ACTION ITEM
Reproduce exactly, from the data that follows, the line with "observations one at", the line with "Variable R : realType.", and every line that lies between them.

TASK DATA
Lemma hom_zero_in_add (X Y W : C) : in_add X Y -> hom_zero X W -> hom_zero Y W.
Proof.
case=> n [S [[inj [proj dS]] [Y' [i1 [i2 [p1 [p2 [p1i1 _ _ _ _]]]]]]]] HX u.
have HS := hom_zero_dsum dS (fun k _ => HX).
by rewrite -(compm1 u) -p1i1 Defs.compA (HS (mcomp u p1)) comp0m.
Qed.

End Additive.

Section Approximation.
Variables (R : comPzRingType) (C : RCat R) (T : Triangulated C).
Local Notation sh := (sh T).
Local Notation shm := (shm T).
Local Notation dist := (dist T).
Local Notation triangle := (triangle T).
Local Notation filtered := (filtered T).

Lemma cocone_biprod_triangle (Nk Qk Mk Mk' Y K Q Q' N' : C)
    (ak : Mor Nk Qk) (ek : Mor Qk Mk) (ck : Mor Mk (sh Nk))
    (m : Mor Mk Mk') (p : Mor Mk' Y) (dl : Mor Y (sh Mk))
    (al : Mor K Q) (be : Mor Q Y) (ga : Mor Y (sh K))
    (i1 : Mor Qk Q') (i2 : Mor Q Q') (p1 : Mor Q' Qk) (p2 : Mor Q' Q)
    (e : Mor Q' Mk') (a : Mor N' Q') (c : Mor Mk' (sh N')) :
  dist ak ek ck -> dist m p dl -> dist al be ga -> is_biprod i1 i2 p1 p2 ->
  dist a e c -> mcomp e i1 = mcomp m ek -> mcomp p (mcomp e i2) = be ->
  triangle Nk N' K.
Proof.
move=> dE dT dP bQ dN ei1 pei2; have [_ p2i2 _ _ _] := bQ.
have [W [w [kW dW]]] := TR1_ext T (mcomp m ek).
have [A1 [B1 [dA1 _ _ B1w _]]] := TR4 (dist_rot dE) dT dW.
have dW' : dist (mcomp e i1) w kW by rewrite ei1.
have [A3 [B3 [dA3 A3p2 _ _ _]]] := TR4 (dist_of_biprod T bQ) (dist_rot dN) dW'.
have B1A3 : mcomp B1 A3 = be.
  by rewrite -[A3]compm1 -p2i2 (Defs.compA A3) A3p2 -Defs.compA (Defs.compA B1) B1w.
have dP' : dist (mcomp B1 A3) ga (- shm al) by rewrite B1A3; exact: dist_rot.
(* the octahedron on Q -> W -> Y has vertices N'[1], K[1] and Nk[2] *)
have [A2 [B2 [dA2 _ _ _ _]]] := TR4 dA3 (dist_rot dA1) dP'.
by apply/triangle_unrot/triangle_desuspend; exists A2, B2, (mcomp (shm B3) (- shm A1)).
Qed.

Lemma approximation_step (P : C -> Prop) (X Nk Qk Mk Mk' Y K Q : C) :
  triangle Nk Qk Mk -> triangle Mk Mk' Y -> triangle K Q Y -> hom_zero Q (sh Mk) ->
  filtered P Nk -> filtered P K -> in_add X Qk -> in_add X Q ->
  exists N' Q', [/\ triangle N' Q' Mk', filtered P N' & in_add X Q'].
Proof.
move=> [ak [ek [ck dE]]] [m [p [dl dT]]] [al [be [ga dP]]] HQ FN FK AQk AQ.
have [q beE] := dist_weak_kernel (u := be) (dist_rot dT) (HQ (mcomp dl be)).
have [Q' [i1 [i2 [p1 [p2 bQ]]]]] := has_biprod T Qk Q.
have [p1i1 p2i2 p1i2 p2i1 _] := bQ.
pose e := mcomp (mcomp m ek) p1 + mcomp q p2.
have ei1 : mcomp e i1 = mcomp m ek.
  by rewrite compDl -!Defs.compA p1i1 p2i1 compm1 compm0 addr0.
have ei2 : mcomp e i2 = q.
  by rewrite compDl -!Defs.compA p1i2 p2i2 compm1 !compm0 add0r.
have [N' [a [c dN]]] := dist_cocone T e.
exists N', Q'; split; first by exists a, e, c.
  apply: filtered_ext_closed FN FK.
  by apply: cocone_biprod_triangle dE dT dP bQ dN ei1 _; rewrite ei2 beE.
exact: (in_add_biprod T bQ AQk AQ).
Qed.

End Approximation.

Section ProjectiveSystem.
Variables (R : comPzRingType) (C : RCat R) (T : Triangulated C).
Variables (t : nat) (PS : proj_system T t).
Local Notation sh := (sh T).
Local Notation triangle := (triangle T).
Local Notation filtered := (filtered T).
Local Notation Th := (ps_Theta PS).
Local Notation Q := (ps_Q PS).
Local Notation le := (ps_le PS).

Definition Theta_ge (o : option 'I_t) (Y : C) : Prop :=
  exists2 l, ge_opt PS o l & iso Y (Th l).

Definition Theta_gt (o : option 'I_t) (Y : C) : Prop :=
  exists2 l, lt_opt PS o (Some l) & iso Y (Th l).

Lemma ps_le_lt_trans (a b c : 'I_t) :
  le a b -> le b c && (b != c) -> le a c && (a != c).
Proof.
move=> ab /andP [bc bc']; rewrite (ps_trans ab bc) /=.
apply: contraNneq bc' => ac; subst c; by apply/eqP/(ps_anti (p := PS)); rewrite bc ab.
Qed.

Lemma hom_zero_Q_sh_Theta l j : hom_zero (Q l) (sh (Th j)).
Proof.
have [inj [proj [pi_id _ _]]] := ps_Qsum_dsum PS.
move=> u; rewrite -(compm1 u) -(pi_id l) //.
by rewrite Defs.compA (ps_Q_shift1 (mcomp u (proj l))) comp0m.
Qed.

Lemma hom_zero_Q_sh_filtered l (M : C) :
  filtered (ThetaCls PS) M -> hom_zero (Q l) (sh M).
Proof.
move=> FM; apply: hom_zero_to_sh_filtered FM => Y [j Yj].
exact: iso_hom_zero_r (iso_sh T Yj) (@hom_zero_Q_sh_Theta l j).
Qed.

Lemma hom_zero_K_Theta j k : le k j -> hom_zero (ps_K PS j) (Th k).
Proof.
move=> kj; apply: hom_zero_from_filtered (inF_filtered (ps_K_filt PS j)).
move=> Y [l [jl Yl]]; apply: iso_hom_zero_l Yl _.
exact: ps_Theta_dir (ps_le_lt_trans kj jl).
Qed.

Lemma hom_zero_Theta_sh_Theta j k : le k j -> hom_zero (Th j) (sh (Th k)).
Proof.
move=> kj u; have d := dist_rot (ps_dist PS j).
have [v ->] := dist_weak_cokernel (u := u) d (hom_zero_Q_sh_Theta _).
by have [v0 ->] := shm_surj v; rewrite (hom_zero_K_Theta kj v0) shm0 comp0m.
Qed.
(* Let $M$ be a simple rank-$5$ binary matroid having a restriction isomorphic to $M(K_{3,3})$. Then $M$ is $(2,2)$-uniform if and only if $M$ is affine.
   Context: A matroid is $(2,2)$-uniform if it has no minor isomorphic to $U_{2,2}\oplus U_{0,2}$. $M(K_{3,3})$ is the cycle matroid of the complete bipartite graph $K_{3,3}$ (it has rank $5$). A binary matroid is affine if it has a representation over $GF(2)$ in which every column has last entry $1$; for simple rank-$5$ binary matroids this is equivalent to being a restriction of the affine geometry $AG(4,2)$. *)

From HB Require Import structures.
From mathcomp Require Import all_boot all_order all_algebra.
Set Implicit Arguments. Unset Strict Implicit. Unset Printing Implicit Defensive.
Import GRing.Theory.

Definition matroid_rank (E : finType) (r : {set E} -> nat) : Prop :=
  [/\ (forall X, r X <= #|X|),
      (forall X Y : {set E}, X \subset Y -> r X <= r Y) &
      (forall X Y : {set E}, r (X :|: Y) + r (X :&: Y) <= r X + r Y)].

Definition vec_rank (K : fieldType) (E : finType) (n : nat)
  (A : E -> 'rV[K]_n) (X : {set E}) : nat :=
  \rank (\sum_(x in X) <<A x>>)%MS.

Definition binary (E : finType) (r : {set E} -> nat) : Prop :=
  exists n (A : E -> 'rV['F_2]_n), forall X, r X = vec_rank A X.

Definition affine (E : finType) (r : {set E} -> nat) : Prop :=
  exists n (A : E -> 'rV['F_2]_n.+1),
    (forall e, A e ord0 ord_max = 1%R) /\ (forall X, r X = vec_rank A X).

Definition simple_matroid (E : finType) (r : {set E} -> nat) : Prop :=
  (forall e, r [set e] = 1) /\ (forall e f, e != f -> r [set e; f] = 2).

(* N (on ground set F, rank rN) is isomorphic to a minor of M:
   there is a set C (contracted) and an injection f : F -> E whose image
   is disjoint from C, such that (M / C) restricted to f(F) is isomorphic
   to N via f; all other elements are deleted. *)
Definition has_minor (E F : finType) (r : {set E} -> nat) (rN : {set F} -> nat)
  : Prop :=
  exists (C : {set E}) (f : F -> E),
    [/\ injective f, [disjoint [set f x | x in F] & C] &
        forall X : {set F}, rN X = r (f @: X :|: C) - r C].

Definition has_restriction (E F : finType) (r : {set E} -> nat)
  (rN : {set F} -> nat) : Prop :=
  exists f : F -> E, injective f /\ forall X : {set F}, rN X = r (f @: X).

(* U_{2,2} (+) U_{0,2} on ground set 'I_4: elements 0,1 coloops, 2,3 loops. *)
Definition U22_U02_rank (X : {set 'I_4}) : nat :=
  #|X :&: [set (inord 0 : 'I_4); inord 1]|.

Definition two_two_uniform (E : finType) (r : {set E} -> nat) : Prop :=
  ~ has_minor r U22_U02_rank.

Definition graph_rank (V Ed : finType) (ends : Ed -> V * V) (X : {set Ed}) : nat :=
  let adj := fun u v : V => [exists e in X,
      ((ends e).1 == u) && ((ends e).2 == v) ||
      ((ends e).1 == v) && ((ends e).2 == u)] in
  #|V| - #|[set [set w | connect adj v w] | v : V]|.

Definition K33_ends (e : 'I_3 * 'I_3) : ('I_3 + 'I_3) * ('I_3 + 'I_3) :=
  (inl e.1, inr e.2).
(* For each $0\le k\le K$ define $$v_k^-=\inf\Big(\operatorname*{argmax}_{v\in[0,q]}\Psi_k^{\mathrm{BSAA}}(v)\Big),\qquad v_k^+=\inf\Big(\operatorname*{argmax}_{v\in[q,1]}\Psi_k^{\mathrm{BSAA}}(v)\Big).$$ Then the sequences $(v_k^-)_{k=0}^K$ and $(v_k^+)_{k=0}^K$ are non-increasing in $k$.
   Context: Fix $c_u,c_o>0$ and $q=c_u/(c_u+c_o)\in(0,1)$. Fix $K\ge1$, $\bm n=(n_1,\dots,n_K)\in\mathbb N^K$, $n=\sum_k n_k$, $\sigma_k=\sum_{\ell=1}^k n_\ell$ ($\sigma_0=0$). $B_{r,m}(p)=\sum_{j=r}^m\binom mj p^j(1-p)^{m-j}$ (with $B_{r,m}\equiv1$ if $r<0$). For $v\in[0,1]$, $\Psi_k^{\mathrm{BSAA}}(v)=\big(1-B_{\lceil qn\rceil-\sigma_k,\,n-\sigma_k}(v)\big)(v-q)+(q-v)^+$. *)

From HB Require Import structures.
From mathcomp Require Import all_boot all_order all_algebra.
From mathcomp Require Import all_classical all_reals.
Set Implicit Arguments. Unset Strict Implicit. Unset Printing Implicit Defensive.
Import Order.TTheory GRing.Theory Num.Theory.
Local Open Scope ring_scope.
Local Open Scope classical_set_scope.

Definition Btail {R : realType} (r : int) (m : nat) (p : R) : R :=
  if (r < 0)%R then 1
  else \sum_(`|r|%N <= j < m.+1) ('C(m, j))%:R * p ^+ j * (1 - p) ^+ (m - j).

Definition qratio {R : realType} (cu co : R) : R := cu / (cu + co).

(* sigma_k = n_1 + ... + n_k  (sigma_0 = 0); batch sizes ns 1, ..., ns K *)
Definition sigma (ns : nat -> nat) (k : nat) : nat := (\sum_(1 <= l < k.+1) ns l)%N.

Definition PsiBSAA {R : realType} (cu co : R) (K : nat) (ns : nat -> nat) (k : nat) (v : R) : R :=
  let q := qratio cu co in
  let n := sigma ns K in
  (1 - Btail (Num.ceil (q * n%:R) - (sigma ns k)%:Z) (n - sigma ns k) v) * (v - q)
  + Num.max (q - v) 0.

Definition argmax_on {R : realType} (f : R -> R) (A : set R) : set R :=
  [set v | A v /\ forall w, A w -> f w <= f v].

Definition vminus {R : realType} (cu co : R) K ns k : R :=
  inf (argmax_on (PsiBSAA cu co K ns k) `[0, qratio cu co]).
Definition vplus {R : realType} (cu co : R) K ns k : R :=
  inf (argmax_on (PsiBSAA cu co K ns k) `[qratio cu co, 1]).

From mathcomp Require Import all_boot all_order all_algebra.
From mathcomp Require Import all_classical all_reals all_analysis.
From mathcomp Require Import ring lra zify.
(* On [0, q] the objective is [B_{r,m}(v) (q - v)] and on [q, 1] it is
   [(1 - B_{r,m}(v)) (v - q)], where [m = n - sigma_k] observations remain and
   [m - r] does not depend on [k].  Going from [k] to [k + 1] removes
   observations one at a time, each step replacing [(r + 1, m + 1)] by
   [(r, m)].  By Pascal's rule and the monotone likelihood ratio of the
   binomial family, the ratio of the new tail factor to the old one is
   nonincreasing in [v], so whenever the old objective decreases from [x] to
   [y >= x] so does the new one.  Hence nothing to the right of a maximiser of
   the old objective beats it for the new one: the leftmost maximiser moves
   left. *)

Set Implicit Arguments.
Unset Strict Implicit.
Unset Printing Implicit Defensive.

Import Order.TTheory GRing.Theory Num.Theory.
Import numFieldNormedType.Exports.
Local Open Scope ring_scope.

Section DescentTransfer.
Variable R : realType.
Implicit Types (f g h : R -> R) (a b : R).

Definition descent_transfer f g a b :=
  forall x y, a <= x -> x <= y -> y <= b -> f y <= f x -> g y <= g x.

Lemma descent_transfer_trans f g h a b :
  descent_transfer f g a b -> descent_transfer g h a b -> descent_transfer f h a b.
Proof. by move=> fg gh x y ax xy yb fyx; apply: gh => //; apply: fg. Qed.

Lemma descent_transfer_chain (f : nat -> R -> R) a b :
  (forall m, descent_transfer (f m.+1) (f m) a b) ->
  forall m s, descent_transfer (f (m + s)%N) (f m) a b.
Proof.
move=> step m; elim=> [|s IH]; first by rewrite addn0 => x y _ _ _.
by rewrite addnS; apply: descent_transfer_trans (step _) IH.
Qed.

Lemma eq_descent_transfer f f' g g' a b :
  {in `[a, b], f =1 f'} -> {in `[a, b], g =1 g'} ->
  descent_transfer f' g' a b -> descent_transfer f g a b.
Proof.
move=> ef eg fg' x y ax xy yb.
have xI : x \in `[a, b] by rewrite in_itv /= ax (le_trans xy yb).
have yI : y \in `[a, b] by rewrite in_itv /= yb (le_trans ax xy).
by rewrite !ef // !eg //; apply: fg'.
Qed.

RESPONSE TO THE TASK
   observations one at a time, each step replacing [(r + 1, m + 1)] by
   [(r, m)].  By Pascal's rule and the monotone likelihood ratio of the
   binomial family, the ratio of the new tail factor to the old one is
   nonincreasing in [v], so whenever the old objective decreases from [x] to
   [y >= x] so does the new one.  Hence nothing to the right of a maximiser of
   the old objective beats it for the new one: the leftmost maximiser moves
   left. *)

Set Implicit Arguments.
Unset Strict Implicit.
Unset Printing Implicit Defensive.

Import Order.TTheory GRing.Theory Num.Theory.
Import numFieldNormedType.Exports.
Local Open Scope ring_scope.

Section DescentTransfer.
Variable R : realType.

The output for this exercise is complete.